The Necessity of Marriage
Andrew Sullivan, a much more prolific blogger and — let’s be honest here — generally better writer, wrote today about the damaging effects of civil unions.
France created a civil unions law in 1999 for gays but failed to designate gender and now about a third of straight couples getting married in France opt for civil unions because they are easier to get out of. Don George points out the obvious:
…it is terribly humorous and ironic that the French created civil unions to protect the institution of marriage…and now civil unions are undermining marriage because people are opting for them instead of marriage. Talk about the law of unintended consequences. So possibly the lesson for our country is that the best way to protect the institution of marriage is not to deny people marriage by creating a separate but equal system, but to allow gays to marry.
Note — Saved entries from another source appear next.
(* Let $(G,\mathcal{C})$ be a CER graph. If $\{v,w\}\in\tilde E$ and $c(v,w)=k\in F_i$ for some $i\in[r]$, then $c(v)=c(w)=i$.
   Context: $G=(V,E)$ finite simple undirected graph, $V=[p]$; coloring: vertex color classes $V_1,\dots,V_r$, edge color classes $E_{r+1},\dots,E_{r+R}$ partitioning $E$. $\tilde E=E\cup\{\{v\}:v\in V\}$, $E_i=\{\{v\}:v\in V_i\}$; $c(v,w)=k$ iff $\{v,w\}\in E_k$; $c(v)=c(v,v)$. $F_i=\{c(v,w):\{v,w\}\in\tilde E,\ c(v)=c(w)=i\}$. For an ordering $(V_{\eta_1},\dots,V_{\eta_r})$: $\pi(v)=i$ iff $v\in V_{\eta_i}$, $V_{\le i}=V_{\eta_1}\cup\dots\cup V_{\eta_i}$; it is a cpeo if every $v\in V_{\eta_i}$ is simplicial (neighbours form a clique) in $G[V_{\eta_i}\cup\dots\cup V_{\eta_r}]$; $m_{v\to w}(k,h)=|\{u\in V_{\le\min(\pi(v),\pi(w))}: c(v,u)=k, c(u,w)=h\}|$ and $m_{v\leftrightarrow w}(k,h)=m_{v\to w}(k,h)+m_{v\to w}(h,k)$ for $\{v,w\}\in\tilde E$. (M1): $c(v,w)=c(v',w')$ implies $m_{v\leftrightarrow w}=m_{v'\leftrightarrow w'}$. $(G,\mathcal{C})$ is CER if some ordering is a cpeo and satisfies (M1). *)

From mathcomp Require Import all_boot all_fingroup.
Set Implicit Arguments. Unset Strict Implicit. Unset Printing Implicit Defensive.

(* Colored graph (G, C) on V = 'I_p (i.e. [p], 0-indexed).
   Colours are 0-indexed naturals: vertex colours are 0..r-1 (vcol : 'I_p -> 'I_r),
   edge colours are r..r+R-1 (ecol v w for an edge {v,w}). *)

Section ColoredGraph.
Variables (p r R : nat) (e : rel 'I_p) (vcol : 'I_p -> 'I_r)
          (ecol : 'I_p -> 'I_p -> nat).

Definition inEt (v w : 'I_p) : bool := (v == w) || e v w.

(* c(v,w); only meaningful when {v,w} in E~.  c(v) = c(v,v). *)
Definition col (v w : 'I_p) : nat := if v == w then nat_of_ord (vcol v) else ecol v w.

Definition is_colored_graph : Prop :=
  [/\ symmetric e, irreflexive e,
      (forall v w, e v w -> ecol v w = ecol w v),
      (forall v w, e v w -> r <= ecol v w < r + R) &
      ((forall i : 'I_r, exists v, vcol v = i) /\
       (forall k, r <= k < r + R -> exists v w, e v w /\ ecol v w = k))].

(* Ordering (V_{eta_0}, ..., V_{eta_{r-1}}) given by eta : {perm 'I_r};
   pi v = i iff v in V_{eta_i}. *)
Definition pos (eta : {perm 'I_r}) (v : 'I_p) : nat :=
  nat_of_ord ((eta^-1)%g (vcol v)).

Definition simplicial_in (S : pred 'I_p) (v : 'I_p) : Prop :=
  forall u w, S u -> S w -> e v u -> e v w -> u != w -> e u w.

Definition cpeo (eta : {perm 'I_r}) : Prop :=
  forall v, simplicial_in (fun u => pos eta v <= pos eta u) v.

Definition mto (eta : {perm 'I_r}) (v w : 'I_p) (k h : nat) : nat :=
  #|[set u : 'I_p | [&& pos eta u <= minn (pos eta v) (pos eta w),
                       inEt v u, col v u == k, inEt u w & col u w == h]]|.

Definition mboth (eta : {perm 'I_r}) (v w : 'I_p) (k h : nat) : nat :=
  mto eta v w k h + mto eta v w h k.

Definition M1 (eta : {perm 'I_r}) : Prop :=
  forall v w v' w', inEt v w -> inEt v' w' -> col v w = col v' w' ->
    forall k h, mboth eta v w k h = mboth eta v' w' k h.

Definition CER : Prop := exists eta : {perm 'I_r}, cpeo eta /\ M1 eta.

Definition inF (i : 'I_r) (k : nat) : Prop :=
  exists v w, [/\ inEt v w, vcol v = i, vcol w = i & col v w = k].

End ColoredGraph.

From mathcomp Require Import all_boot all_fingroup.

(* Vertex colours are below r and edge colours at least r, so a walk v - u - w
   of [tilde E] whose first step has vertex colour i must stay at u = v, and one
   whose second step has vertex colour i must have u = w.  Hence
   m_{v<->w}(i, c(v,w)) = [c(v) = i, pi(v) <= pi(w)] + [c(w) = i, pi(w) <= pi(v)],
   which is 2 exactly when c(v) = c(w) = i.  A pair witnessing c(v,w) in F_i has
   value 2, so (M1) forces the same for (v, w). *)

Set Implicit Arguments.
Unset Strict Implicit.
Unset Printing Implicit Defensive.

Lemma card_set1_if (T : finType) (x : T) (b : bool) :
  #|[set u | (u == x) && b]| = b.
Proof.
case: b => /=; [rewrite -(cards1 x) | rewrite -(cards0 T)];
  by apply: eq_card => u; rewrite !inE ?andbT ?andbF.
Qed.

Section WalksThroughVertexColours.

Variables (p r : nat) (e : rel 'I_p) (vcol : 'I_p -> 'I_r)
          (ecol : 'I_p -> 'I_p -> nat).
Hypothesis ecol_ge : forall v w, e v w -> r <= ecol v w.

Local Notation inEt := (inEt e).
Local Notation col := (col vcol ecol).
Local Notation pos := (pos vcol).
Local Notation mto := (mto e vcol ecol).
Local Notation mboth := (mboth e vcol ecol).

Lemma col_ltr_eq (v w : 'I_p) : inEt v w -> (col v w < r) = (v == w).
Proof.
rewrite /inEt /col; case: eqVneq => [_ _|_ /= /ecol_ge]; first exact: ltn_ord.
by rewrite ltnNge => ->.
Qed.

Lemma mto_vcol_l eta (x y : 'I_p) (a : 'I_r) h :
  mto eta x y a h = [&& vcol x == a, pos eta x <= pos eta y, inEt x y & col x y == h].
Proof.
rewrite /mto -(card_set1_if x); apply: eq_card => u; rewrite !inE.
case: (eqVneq u x) => [->|neq] /=.
  by rewrite leq_min leqnn /inEt /col !eqxx /= (inj_eq val_inj) andbCA.
apply/negbTE/and5P => -[_ xu /eqP cxu _ _].
by move: (ltn_ord a); rewrite -cxu col_ltr_eq // eq_sym (negbTE neq).
Qed.

Lemma mto_vcol_r eta (x y : 'I_p) (a : 'I_r) h :
  mto eta x y h a = [&& vcol y == a, pos eta y <= pos eta x, inEt x y & col x y == h].
Proof.
rewrite /mto -(card_set1_if y); apply: eq_card => u; rewrite !inE.
case: (eqVneq u y) => [->|neq] /=.
  rewrite leq_min leqnn andbT /inEt /col !eqxx /= (inj_eq val_inj).
  by case: (vcol y == a); rewrite ?andbT ?andbF.
apply/negbTE/and5P => -[_ _ _ uy /eqP cuy].
by move: (ltn_ord a); rewrite -cuy col_ltr_eq // (negbTE neq).
Qed.

Lemma mboth_vcol_eq2 eta (x y : 'I_p) (a : 'I_r) : inEt x y ->
  (mboth eta x y a (col x y) == 2) = (vcol x == a) && (vcol y == a).
Proof.
move=> xy; rewrite /mboth mto_vcol_l mto_vcol_r xy eqxx !andbT.
case: (eqVneq (vcol x) a) => [xa|_]; case: (eqVneq (vcol y) a) => [ya|_] //=;
  first by rewrite /pos xa ya leqnn.
all: by case: (_ <= _).
Qed.

End WalksThroughVertexColours.

Theorem lemma7p4 (p r R : nat) (e : rel 'I_p) (vcol : 'I_p -> 'I_r)
    (ecol : 'I_p -> 'I_p -> nat) :
  is_colored_graph R e vcol ecol ->
  CER e vcol ecol ->
  forall (v w : 'I_p) (k : nat) (i : 'I_r),
    inEt e v w -> col vcol ecol v w = k -> inF e vcol ecol i k ->
    vcol v = i /\ vcol w = i.
Proof.
case=> _ _ _ ecol_range _ [eta [_ M1_eta]] v w k i vw <- [v' [w' [vw' v'i w'i colv'w']]].
have ecol_ge x y : e x y -> r <= ecol x y by case/ecol_range/andP.
have := M1_eta v w v' w' vw vw' (esym colv'w') i (col vcol ecol v w).
rewrite -{2}colv'w' => mboth_eq.
have := mboth_vcol_eq2 vcol ecol_ge eta i vw.
rewrite mboth_eq (mboth_vcol_eq2 vcol ecol_ge) // v'i w'i eqxx.
by case/esym/andP => /eqP-> /eqP->.
Qed.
Er: yes. If you read my first ever essay on the topic, in 1989, you will find it was exactly this possibility that led me to back full marriage equality over marriage-lite options such as domestic partnership and civil unions. It was a way to integrate gay people and protect marriage.
What I don’t understand about the conservative viewpoint on marriage is their view that it is an inherent good. That somehow marriage is necessary for society to flourish and freedom to ring through the streets of the world.
Ta-Nehisi Coates, an Atlantic blogger generally found on the other side of the political spectrum, has a different view of marriage:
As much as I can recall, there were basically three reasons for us to get married. 1.) I might leave. Marriage would force me to do the right thing. 2.) To declare our commitment to each other before a community of people whom we loved. 3.) The business reasons–the legalities of your estate and guardianship. I found–and still find–the first two reasons were utterly unconvincing. The third held some sway, but with the help of a lawyer we’ve managed to take care of that. The first turned marriage into a kind of insurance policy, and I just believed that if you felt you needed insurance for the person you were having kids by to stick out, you needed to reconsider the whole proposition. The commitment and community reason held some appeal. But I believed, and still believe, that long-term romantic partnerships are between the two people entering into it.
I hated the idea of public declarations, because the life blood of the relationship–what bills to pay, how to raise your child, your love life–all of that happened when no one else was around. Kenyatta knows more about me than any human being walking the earth–and this is as it should be. No one knows more about my strengths and my weaknesses, my failings and my successes. I trust her to the end. But that trust was worked for–it was not declared or conjured by the presence of other people.
I’ve had similar views on marriage for a while now, but so rarely has the argument not against marriage, but against the necessity of marriage been so succinctly put. Some people might have a different idea of what a long-term relationship requires. I know that my ex did. But to imply that marriage is an inherent good is misleading.